■ Stored data ■
────────────────────

Lemma omulBl p p' q : om (p - p') q = om p q - om p' q.
Proof. by apply/eqP; rewrite eq_sym subr_eq -omulDl subrK. Qed.

Lemma omulDr p q q' : om p (q + q') = om p q + om p q'.
Proof. by rewrite /omul -big_split; apply: eq_bigr => i _; rewrite iter_xmulD mulrDr. Qed.

Lemma omul0r p : om p 0 = 0.
Proof. by rewrite /omul big1 // => i _; rewrite iter_xmul0 mulr0. Qed.

Lemma omulBr p q q' : om p (q - q') = om p q - om p q'.
Proof. by apply/eqP; rewrite eq_sym subr_eq -omulDr subrK. Qed.

Lemma omul_suml (I : Type) (s : seq I) (F : I -> {poly {poly K}}) q :
  om (\sum_(i <- s) F i) q = \sum_(i <- s) om (F i) q.
Proof. by elim: s => [|x s IH]; rewrite ?big_nil ?omul0l // !big_cons omulDl IH. Qed.

Lemma omul_sumr (I : Type) (s : seq I) (F : I -> {poly {poly K}}) p :
  om p (\sum_(i <- s) F i) = \sum_(i <- s) om p (F i).
Proof. by elim: s => [|x s IH]; rewrite ?big_nil ?omul0r // !big_cons omulDr IH. Qed.

Lemma omul_polyCMl a p q : om (a%:P * p) q = a%:P * om p q.
Proof.
have [->|a_neq0] := eqVneq a 0; first by rewrite !mul0r omul0l.
rewrite (omul_widen (size p)) ?size_Cmul // /omul big_distrr /=.
by apply: eq_bigr => i _; rewrite coefCM polyCM mulrA.
Qed.

Lemma omul_scalar_r c p q : om p (c%:P%:P * q) = c%:P%:P * om p q.
Proof.
rewrite /omul big_distrr /=; apply: eq_bigr => i _.
by rewrite iter_xmul_scalar mulrCA.
Qed.

Lemma omul_scalar_l c q : om c%:P%:P q = c%:P%:P * q.
Proof. by rewrite (omul_widen 1) ?size_polyC ?leq_b1 // big_ord1 coefC. Qed.

Lemma omul1r p : om p 1 = p.
Proof.
rewrite /omul (eq_bigr (fun i : 'I_(size p) => p`_i *: 'X^i)).
  by rewrite -poly_def coefK.
by move=> i _; rewrite iter_xmul1 mul_polyC.
Qed.

Lemma omul1l q : om 1 q = q.
Proof. by rewrite -!polyC1 omul_scalar_l !polyC1 mul1r. Qed.

Lemma size_xmul_le q : (size (xm q) <= (size q).+1)%N.
Proof.
apply/leq_sizeP => j lt_qj; rewrite coef_xmul; case: j lt_qj => // j lt_qj.
by rewrite !nth_default ?sigma0 ?delta0 ?addr0 // ltnW.
Qed.

Lemma omul_xmul q r : om (xm q) r = xm (om q r).
Proof.
rewrite (omul_widen (size q).+1) ?size_xmul_le // /omul xmul_sum.
under [in RHS]eq_bigr do rewrite xmul_polyCM.
under [in LHS]eq_bigr do rewrite coef_xmul polyCD mulrDl.
rewrite !big_split /= big_ord_recl big_ord_recr /= polyC0 mul0r add0r.
by rewrite nth_default // delta0 polyC0 mul0r addr0.
Qed.

Lemma omulA p q r : om (om p q) r = om p (om q r).
Proof.
rewrite [om p q]/omul omul_suml [om p _]/omul; apply: eq_bigr => i _.
rewrite omul_polyCMl; congr (_ * _).
by elim: (nat_of_ord i) => //= k IH; rewrite omul_xmul IH.
Qed.

Lemma opow_comm P j : om P (opow sigma delta P j) = om (opow sigma delta P j) P.
Proof. by elim: j => [|j IH] /=; rewrite ?omul1r ?omul1l // omulA IH. Qed.

Lemma in_KP_centralizer P Q : in_KP sigma delta P Q -> centralizer sigma delta P Q.
Proof.
case=> cs ->; rewrite /centralizer omul_sumr omul_suml; apply: eq_bigr => i _.
by rewrite omul_scalar_l omul_scalar_r opow_comm -omul_polyCMl.
Qed.

Lemma centralizer_subZ P Q1 Q2 c : centralizer sigma delta P Q1 ->
  centralizer sigma delta P Q2 -> centralizer sigma delta P (Q1 - c%:P%:P * Q2).
Proof.
rewrite /centralizer => hQ1 hQ2.
by rewrite omulBr omulBl omul_scalar_r omul_polyCMl hQ1 hQ2.
Qed.

Lemma e_ge2 : (2 <= e)%N.
Proof. by move: size_sigmaX; case: (size _). Qed.

Lemma sigma_comp a : sigma a = a \Po sigma 'X.
Proof.
have sigma_sum (I : Type) (s : seq I) (F : I -> {poly K}) :
    sigma (\sum_(i <- s) F i) = \sum_(i <- s) sigma (F i).
  by elim: s => [|i s IH]; rewrite ?big_nil ?sigma0 // !big_cons sigmaD IH.
have sigmaXn i : sigma 'X^i = sigma 'X ^+ i.
  by elim: i => [|i IH]; rewrite ?sigma1 // exprS sigmaM IH -exprS.
rewrite comp_polyE -{1}[a]coefK poly_def sigma_sum.
by apply: eq_bigr => i _; rewrite sigmaZ sigmaXn.
Qed.

Lemma deg_iter_sigma j a : (size (iter j sigma a)).-1 = ((size a).-1 * e ^ j)%N.
Proof.
elim: j => [|j IH]; first by rewrite muln1.
by rewrite /= sigma_comp size_comp_poly IH expnS -mulnA (mulnC (_ ^ j)%N).
Qed.

Lemma iter_sigma_eq0 j a : (iter j sigma a == 0) = (a == 0).
Proof. by elim: j => //= j <-; rewrite sigma_comp comp_poly_eq0 // ltnW. Qed.

Lemma iter_sigma_subZ j c a b :
  iter j sigma (a - c *: b) = iter j sigma a - c *: iter j sigma b.
Proof. by elim: j => //= j ->; rewrite sigmaB sigmaZ. Qed.

Lemma size_lead_iter_xmul i q : q != 0 ->
  size (iter i xm q) = (size q + i)%N /\
  lead_coef (iter i xm q) = iter i sigma (lead_coef q).
Proof.
move=> q_neq0; elim: i => [|i [IHsize IHlead]]; first by rewrite addn0.
set r := iter i xm q; have r_neq0 : r != 0.
  by rewrite -size_poly_eq0 IHsize addn_eq0 size_poly_eq0 (negbTE q_neq0).
have top : (xm r)`_(size r) = sigma (lead_coef r).
  rewrite coef_xmul (nth_default _ (leqnn (size r))) delta0 addr0 lead_coefE.
  by move: r_neq0; rewrite -size_poly_eq0; case: (size r).
have size_xr : size (xm r) = (size r).+1.
  apply/eqP; rewrite eqn_leq size_xmul_le //=; rewrite ltnNge; apply/negP.
  move/leq_sizeP/(_ _ (leqnn _)); rewrite top sigma_comp => /eqP.
  by rewrite comp_poly_eq0 ?lead_coef_eq0 ?(negbTE r_neq0) // ltnW.
by rewrite /= lead_coefE size_xr /= top IHlead IHsize addnS.
Qed.

Lemma size_lead_omul p q : p != 0 -> q != 0 ->
  size (om p q) = (size p + size q).-1 /\
  lead_coef (om p q) = lead_coef p * iter (size p).-1 sigma (lead_coef q).
Proof.
move=> p_neq0 q_neq0.
have size_p : size p = (size p).-1.+1 by rewrite prednK // lt0n size_poly_eq0.
have size_q : size q = (size q).-1.+1 by rewrite prednK // lt0n size_poly_eq0.
set k := (size p).-1 in size_p *; set l := (size q).-1 in size_q *.
have coef_om j : (om p q)`_j = \sum_(i < size p) p`_i * (iter i xm q)`_j.
  by rewrite /omul coef_sum; apply: eq_bigr => i _; rewrite coefCM.
have above i j : (size q + i <= j)%N -> (iter i xm q)`_j = 0.
  by move=> le_j; apply: nth_default; have [-> _] := size_lead_iter_xmul i q q_neq0.
have top : (om p q)`_(k + l) = lead_coef p * iter k sigma (lead_coef q).
  rewrite coef_om size_p big_ord_recr /= big1 ?add0r => [|[i lt_ik] _ /=].
    have [size_xq lead_xq] := size_lead_iter_xmul k q q_neq0.
    by rewrite lead_coefE size_p -lead_xq lead_coefE size_xq size_q addSn addnC.
  by rewrite above ?mulr0 // size_q addSn addnC ltn_add2r.
have top_neq0 : lead_coef p * iter k sigma (lead_coef q) != 0.
  by rewrite mulf_neq0 ?iter_sigma_eq0 ?lead_coef_eq0.
have size_om : size (om p q) = (k + l).+1.
  apply/eqP; rewrite eqn_leq; apply/andP; split; last first.
    rewrite ltnNge; apply: contra top_neq0 => /leq_sizeP/(_ _ (leqnn _)).
    by rewrite top => ->.
  apply/leq_sizeP => j lt_j; rewrite coef_om big1 // => -[i lt_ip] _ /=.
  rewrite above ?mulr0 //; apply: leq_trans lt_j; rewrite size_q addSn ltnS addnC.
  by rewrite leq_add2r -ltnS -size_p.
by rewrite size_om size_p size_q addSn addnS lead_coefE size_om.
Qed.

────────────────────

■ Exercise goal ■
If a line in the entries includes the word "IHsize", copy that line out.

■ Written solution ■
move=> q_neq0; elim: i => [|i [IHsize IHlead]]; first by rewrite addn0.
  by rewrite -size_poly_eq0 IHsize addn_eq0 size_poly_eq0 (negbTE q_neq0).
by rewrite /= lead_coefE size_xr /= top IHlead IHsize addnS.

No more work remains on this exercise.